● EXERCISE GOAL: Copy the lines below that contain "Hclose".

##### THE INPUT

(* Let a group $G$ act equicontinuously on a uniform space $(X,S)$, and let $T$ be an $S$-compatible topology on $X$. Let $(x_\alpha)$ be a net in $X$ converging to $x$ in the topology $T_S$, and let $(g_\alpha)$ be a net in $G$ indexed by the same directed set. Then for every $y\in X$: the net $(g_\alpha x_\alpha)$ converges to $y$ in $T$ if and only if the net $(g_\alpha x)$ converges to $y$ in $T$.
   Context: A uniform structure $S$ on a set $X$ is a filter of subsets of $X\times X$, each containing the diagonal, closed under inversion, such that for every $U\in S$ there is $U'\in S$ with $U'U'\subset U$ ($U_1U_2=\{(u_1,u_2):\exists u_3,(u_1,u_3)\in U_1,(u_3,u_2)\in U_2\}$). For $V\subset X$, $UV=\{v:\exists v'\in V,(v,v')\in U\}$. $T_S$ is the topology generated by the sets $U\{x\}$, $U\in S$, $x\in X$. A topology $T$ is $S$-compatible if for every $V\in T$ and $y\in V$ there exist $V'\in T$ with $y\in V'$ and $U\in S$ with $UV'\subset V$. The action is equicontinuous if for every $U\in S$, $\{(u,v):(gu,gv)\in U\ \forall g\in G\}\in S$. *)

From Stdlib Require Import Classical.

Set Implicit Arguments.

Definition rcomp (X : Type) (U1 U2 : X -> X -> Prop) : X -> X -> Prop :=
  fun u1 u2 => exists u3, U1 u1 u3 /\ U2 u3 u2.

Definition rimage (X : Type) (U : X -> X -> Prop) (V : X -> Prop) : X -> Prop :=
  fun v => exists v', V v' /\ U v v'.

Definition rsubset (X : Type) (U1 U2 : X -> X -> Prop) : Prop :=
  forall u v, U1 u v -> U2 u v.

Definition subset (X : Type) (V1 V2 : X -> Prop) : Prop :=
  forall x, V1 x -> V2 x.

Definition is_filter (X : Type) (S : (X -> X -> Prop) -> Prop) : Prop :=
  S (fun _ _ => True) /\
  (forall U U', S U -> rsubset U U' -> S U') /\
  (forall U U', S U -> S U' -> S (fun u v => U u v /\ U' u v)).

Definition uniform_structure (X : Type) (S : (X -> X -> Prop) -> Prop) : Prop :=
  is_filter S /\
  (forall U, S U -> forall x, U x x) /\
  (forall U, S U -> S (fun u v => U v u)) /\
  (forall U, S U -> exists U', S U' /\ rsubset (rcomp U' U') U).

Definition is_topology (X : Type) (T : (X -> Prop) -> Prop) : Prop :=
  T (fun _ => False) /\
  T (fun _ => True) /\
  (forall F : (X -> Prop) -> Prop, (forall V, F V -> T V) ->
     T (fun x => exists V, F V /\ V x)) /\
  (forall V V', T V -> T V' -> T (fun x => V x /\ V' x)).

(* T_S : the topology generated by the sets U{x}, U in S, x in X
   (the smallest topology containing them). *)
Definition T_S (X : Type) (S : (X -> X -> Prop) -> Prop) : (X -> Prop) -> Prop :=
  fun V => forall T' : (X -> Prop) -> Prop, is_topology T' ->
    (forall U x, S U -> T' (rimage U (fun z => z = x))) -> T' V.

Definition S_compatible (X : Type) (S : (X -> X -> Prop) -> Prop)
    (T : (X -> Prop) -> Prop) : Prop :=
  forall V, T V -> forall y, V y ->
    exists V' U, T V' /\ V' y /\ S U /\ subset (rimage U V') V.

Record Group := {
  gcar :> Type;
  gmul : gcar -> gcar -> gcar;
  gone : gcar;
  ginv : gcar -> gcar;
  gmulA : forall a b c, gmul a (gmul b c) = gmul (gmul a b) c;
  gmul1l : forall a, gmul gone a = a;
  gmul1r : forall a, gmul a gone = a;
  gmulVl : forall a, gmul (ginv a) a = gone;
  gmulVr : forall a, gmul a (ginv a) = gone
}.

Definition is_action (G : Group) (X : Type) (act : G -> X -> X) : Prop :=
  (forall x, act (gone G) x = x) /\
  (forall g h x, act (gmul G g h) x = act g (act h x)).

Definition equicontinuous (G : Group) (X : Type) (S : (X -> X -> Prop) -> Prop)
    (act : G -> X -> X) : Prop :=
  forall U, S U -> S (fun u v => forall g : G, U (act g u) (act g v)).

Definition directed (D : Type) (le : D -> D -> Prop) : Prop :=
  inhabited D /\
  (forall a, le a a) /\
  (forall a b c, le a b -> le b c -> le a c) /\
  (forall a b, exists c, le a c /\ le b c).

Definition net_converges (D X : Type) (le : D -> D -> Prop)
    (T : (X -> Prop) -> Prop) (xa : D -> X) (y : X) : Prop :=
  forall V, T V -> V y -> exists a0, forall a, le a0 a -> V (xa a).


Set Implicit Arguments.

(* Convergence in [T_S] makes [x_a] eventually [U]-close to [x] for every
   entourage [U]; equicontinuity transports this closeness uniformly along any
   net of group elements; and an [S]-compatible topology cannot distinguish two
   nets that are eventually [U]-close for every entourage [U]. *)

Definition eventually (D : Type) (le : D -> D -> Prop) (P : D -> Prop) : Prop :=
  exists a0, forall a, le a0 a -> P a.

Definition eventually_close (D X : Type) (le : D -> D -> Prop)
    (S : (X -> X -> Prop) -> Prop) (za wa : D -> X) : Prop :=
  forall U, S U -> eventually le (fun a => U (za a) (wa a)).

Lemma T_S_entourage_ball_open (X : Type) (S : (X -> X -> Prop) -> Prop)
    (U : X -> X -> Prop) (x : X) :
  S U -> T_S S (rimage U (fun z => z = x)).
Proof. intros HU T' _ Hgen. apply Hgen. exact HU. Qed.

Lemma T_S_converges_eventually_close (D X : Type) (le : D -> D -> Prop)
    (S : (X -> X -> Prop) -> Prop) (Hrefl : forall U, S U -> forall x, U x x)
    (xa : D -> X) (x : X) :
  net_converges le (T_S S) xa x -> eventually_close le S xa (fun _ => x).
Proof.
  intros Hconv U HU.
  destruct (Hconv (rimage U (fun z => z = x))) as [a0 Ha0].
  - apply T_S_entourage_ball_open. exact HU.
  - exists x. split; [reflexivity | apply Hrefl; exact HU].
  - exists a0. intros a Ha. destruct (Ha0 a Ha) as [v' [-> Hv]]. exact Hv.
Qed.

Lemma eventually_close_sym (D X : Type) (le : D -> D -> Prop)
    (S : (X -> X -> Prop) -> Prop) (Hsym : forall U, S U -> S (fun u v => U v u))
    (za wa : D -> X) :
  eventually_close le S za wa -> eventually_close le S wa za.
Proof. intros Hclose U HU. exact (Hclose _ (Hsym U HU)). Qed.

Lemma eventually_close_act (G : Group) (D X : Type) (le : D -> D -> Prop)
    (S : (X -> X -> Prop) -> Prop) (act : G -> X -> X)
    (Heq : @equicontinuous G X S act) (ga : D -> G) (za wa : D -> X) :
  eventually_close le S za wa ->
  eventually_close le S (fun a => act (ga a) (za a)) (fun a => act (ga a) (wa a)).
Proof.
  intros Hclose U HU.
  destruct (Hclose _ (Heq U HU)) as [a0 Ha0].
  exists a0. intros a Ha. exact (Ha0 a Ha (ga a)).
Qed.

Lemma net_converges_eventually_close (D X : Type) (le : D -> D -> Prop)
    (HD : directed le) (S : (X -> X -> Prop) -> Prop)
    (T : (X -> Prop) -> Prop) (HTc : S_compatible S T)
    (za wa : D -> X) (y : X) :
  eventually_close le S za wa ->
  net_converges le T wa y -> net_converges le T za y.
Proof.
  destruct HD as [_ [_ [Htrans Hupper]]].
  intros Hclose Hwa V HV Vy.
  destruct (HTc V HV y Vy) as [V' [U [HV' [V'y [HU HUV']]]]].
  destruct (Hwa V' HV' V'y) as [a1 Ha1].
  destruct (Hclose U HU) as [a2 Ha2].
  destruct (Hupper a1 a2) as [a0 [Ha10 Ha20]].
  exists a0. intros a Ha. apply HUV'.
  exists (wa a). split.
  - apply Ha1. exact (Htrans _ _ _ Ha10 Ha).
  - apply Ha2. exact (Htrans _ _ _ Ha20 Ha).
Qed.

Theorem lemma2p7 (G : Group) (X : Type) (act : G -> X -> X)
    (Hact : @is_action G X act)
    (S : (X -> X -> Prop) -> Prop) (HS : uniform_structure S)
    (Heq : @equicontinuous G X S act)
    (T : (X -> Prop) -> Prop) (HT : is_topology T) (HTc : S_compatible S T)
    (D : Type) (le : D -> D -> Prop) (HD : directed le)
    (xa : D -> X) (x : X) (Hconv : net_converges le (T_S S) xa x)
    (ga : D -> G) :
  forall y : X,
    net_converges le T (fun a => act (ga a) (xa a)) y <->
    net_converges le T (fun a => act (ga a) x) y.
Proof.
  destruct HS as [_ [Hrefl [Hsym _]]].
  assert (Hclose : eventually_close le S
                     (fun a => act (ga a) (xa a)) (fun a => act (ga a) x)).
  { apply (eventually_close_act Heq).
    exact (T_S_converges_eventually_close Hrefl Hconv). }
  intros y; split; apply (net_converges_eventually_close HD HTc).
  - exact (eventually_close_sym Hsym Hclose).
  - exact Hclose.
Qed.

##########

● RESPONSE TO THE EXERCISE:
Proof. intros Hclose U HU. exact (Hclose _ (Hsym U HU)). Qed.
  intros Hclose U HU.
  destruct (Hclose _ (Heq U HU)) as [a0 Ha0].
  intros Hclose Hwa V HV Vy.
  destruct (Hclose U HU) as [a2 Ha2].
  assert (Hclose : eventually_close le S
  - exact (eventually_close_sym Hsym Hclose).
  - exact Hclose.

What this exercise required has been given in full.